Tuesday, January 05, 2010

"The science behind the cold weather"

Here in the Midwest US - we have been affected by an air mass coming in from the Northeast - which is unusual. We usually get it from the Northwest and/or the South. It sounds like the UK is being similarly affected from air from their Northeast instead of the warmer air from their west - ocean currents.

From the Guardian:

Although it may be hard to believe, many parts of the northern hemisphere are considerably warmer than usual at the moment. Alaska and much of northern Canada is unseasonably warm for instance, with temperatures 5C to 10C warmer than expected. That still leaves the air a biting –30C (–22F) or so though. Hardly a barbecue winter.

North Africa and the Mediterranean basin are warmer than average also, by up to 10C. Elsewhere, such as across northern Europe, temperatures are coming in 5C or so colder than average. It may be called a freak cold snap, but it's actually a fairly routine distribution of winter weather, the Met Office insists.

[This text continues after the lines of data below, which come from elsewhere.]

Definition blank_post (X : obs) (b : bool) : pstate :=
  match X with
  | A1 => mk (actual b) Und (pot b) (pot b)
  | A2 => mk Und (actual b) (pot b) (pot (~~ b))
  | B1 => mk (pot b) (pot b) (actual b) Und
  | B2 => mk (pot b) (pot (~~ b)) Und (actual b)
  end.

Section Semantics.
Variable R : numFieldType.

Definition outcome_dist (v : hval) : seq (R * bool) :=
  match v with
  | Und => [:: (2^-1, false); (2^-1, true)]
  | PotP | ActP => [:: (1, true)]
  | PotM | ActM => [:: (1, false)]
  end.

(* rule (2): a potential value of the partner flips with probability 1/2 *)
Definition partner_dist (v : hval) : seq (R * hval) :=
  match v with
  | PotP => [:: (2^-1, PotP); (2^-1, PotM)]
  | PotM => [:: (2^-1, PotM); (2^-1, PotP)]
  | _ => [:: (1, v)]
  end.

Definition measure (s : pstate) (X : obs) : seq (R * (bool * pstate)) :=
  if is_blank s then
    [:: (2^-1, (false, blank_post X false)); (2^-1, (true, blank_post X true))]
  else
    flatten [seq [seq (p.1 * q.1,
                       (p.2, upd (upd s X (actual p.2)) (partner X) q.2))
                 | q <- partner_dist (s (partner X))]
            | p <- outcome_dist (s X)].

Fixpoint run (s : pstate) (xs : seq obs) : seq (R * (seq bool * pstate)) :=
  match xs with
  | [::] => [:: (1, ([::], s))]
  | X :: xs' =>
      flatten [seq [seq (b.1 * r.1, (b.2.1 :: r.2.1, r.2.2)) | r <- run b.2.2 xs']
              | b <- measure s X]
  end.
Lemma armijo_small_step eta beta a xk zk : 0 < beta -> Om xk -> Om zk ->
  0 <= Dp g beta xk zk -> 0 <= a <= 1 -> a * (beta * L) <= 1 - eta ->
  armijo f g eta xk (zk - xk) a.
Proof.
move=> beta_gt0 Oxk Ozk Dp_ge0 a01 small.
have Oy := convex_set_segment convOm Oxk Ozk a01.
have := descent_lemma Oxk Oy.
have -> : xk + a *: (zk - xk) - xk = a *: (zk - xk) by rewrite addrAC subrr add0r.
rewrite /armijo dotZl !dotZr.
move: Dp_ge0 a01 small; rewrite DpE; have := dot_ge0 (zk - xk).
move: (dot (zk - xk) _) (dot (g xk) _) => dd gd dd_ge0 Dp_ge0 /andP[a_ge0 a_le1] small.
have dd_le : dd <= 2 * beta * - gd by lra.
have gd_le0 : gd <= 0 by nra.
have : L / 2 * (a * (a * dd)) <= a * (a * (beta * L)) * - gd.
  have -> : a * (a * (beta * L)) * - gd = L / 2 * (a * (a * (2 * beta * - gd))) by field.
  by rewrite ler_pM2l ?divr_gt0 // ler_wpM2l // ler_wpM2l.
have : 0 <= (1 - eta - a * (beta * L)) * (a * - gd).
  by rewrite mulr_ge0 ?subr_ge0 ?mulr_ge0 ?oppr_ge0.
lra.
Qed.

Lemma backtracking_step_ge eta alpha beta theta xk zk (i : nat) :
  0 < alpha <= 1 -> 0 < beta -> 0 < theta < 1 -> Om xk -> Om zk ->
  0 <= Dp g beta xk zk ->
  (forall j, (j < i)%N -> ~ armijo f g eta xk (zk - xk) (theta ^+ j * alpha)) ->
  Num.min alpha (theta * (1 - eta) / (beta * L)) <= theta ^+ i * alpha.
Proof.
move=> alpha01 beta_gt0 theta01 Oxk Ozk Dp_ge0.
case: i => [|j fails]; first by rewrite expr0 mul1r ge_min lexx.
have /andP[step_gt0 step_le1] := backtracking_step_in01 j alpha01 theta01.
have large : 1 - eta < theta ^+ j * alpha * (beta * L).
  rewrite ltNge; apply/negP => small; apply: (fails j (ltnSn j)).
  by apply: (armijo_small_step (beta := beta)); rewrite // ltW.
have theta_gt0 : 0 < theta by case/andP: theta01.
rewrite ge_min ler_pdivrMr ?mulr_gt0 // exprS -mulrA -mulrA ler_pM2l //.
by apply/orP; right; exact: ltW.
Qed.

The reason? Something called the warm-ocean cold-land phenomenon. Cold places are kept cold because there is little wind. Warm places are kept warm because of local winds coming off the warmer sea.

Like most weather systems, the cause can be traced to blocks of high air pressure, which tend to dictate wind direction.

"High pressure blocks act like heavy rocks in a stream, in the way that water has to flow around them," a Met Office spokesman explained.

Such a stubborn block across eastern Europe and Siberia has halted the prevailing westerly wind across Britain, which usually brings soggy warm air from the Atlantic. Instead, what wind there is comes down from the frozen north. With it come the freezing conditions that have seen temperatures in parts of Scotland plunge. Temperatures across many regions have failed to climb above zero during the day, while the mercury at the Met Office's Eskdalemuir observatory in Dumfries and Galloway hit –14C on Sunday, the coldest since December 1995.

The offending high pressure block seems in no hurry to move on. "There is no wind round there for thousands of miles," the spokesman said, which means the Arctic conditions over the UK look set to continue well into next week. When the weather does break, it could bring renewed chaos.

"It all depends how quickly the warmer and wetter air comes back from the west. If it charges in and meets the cold surface air then we could have 3ft of snow or we could be skating across freezing rain."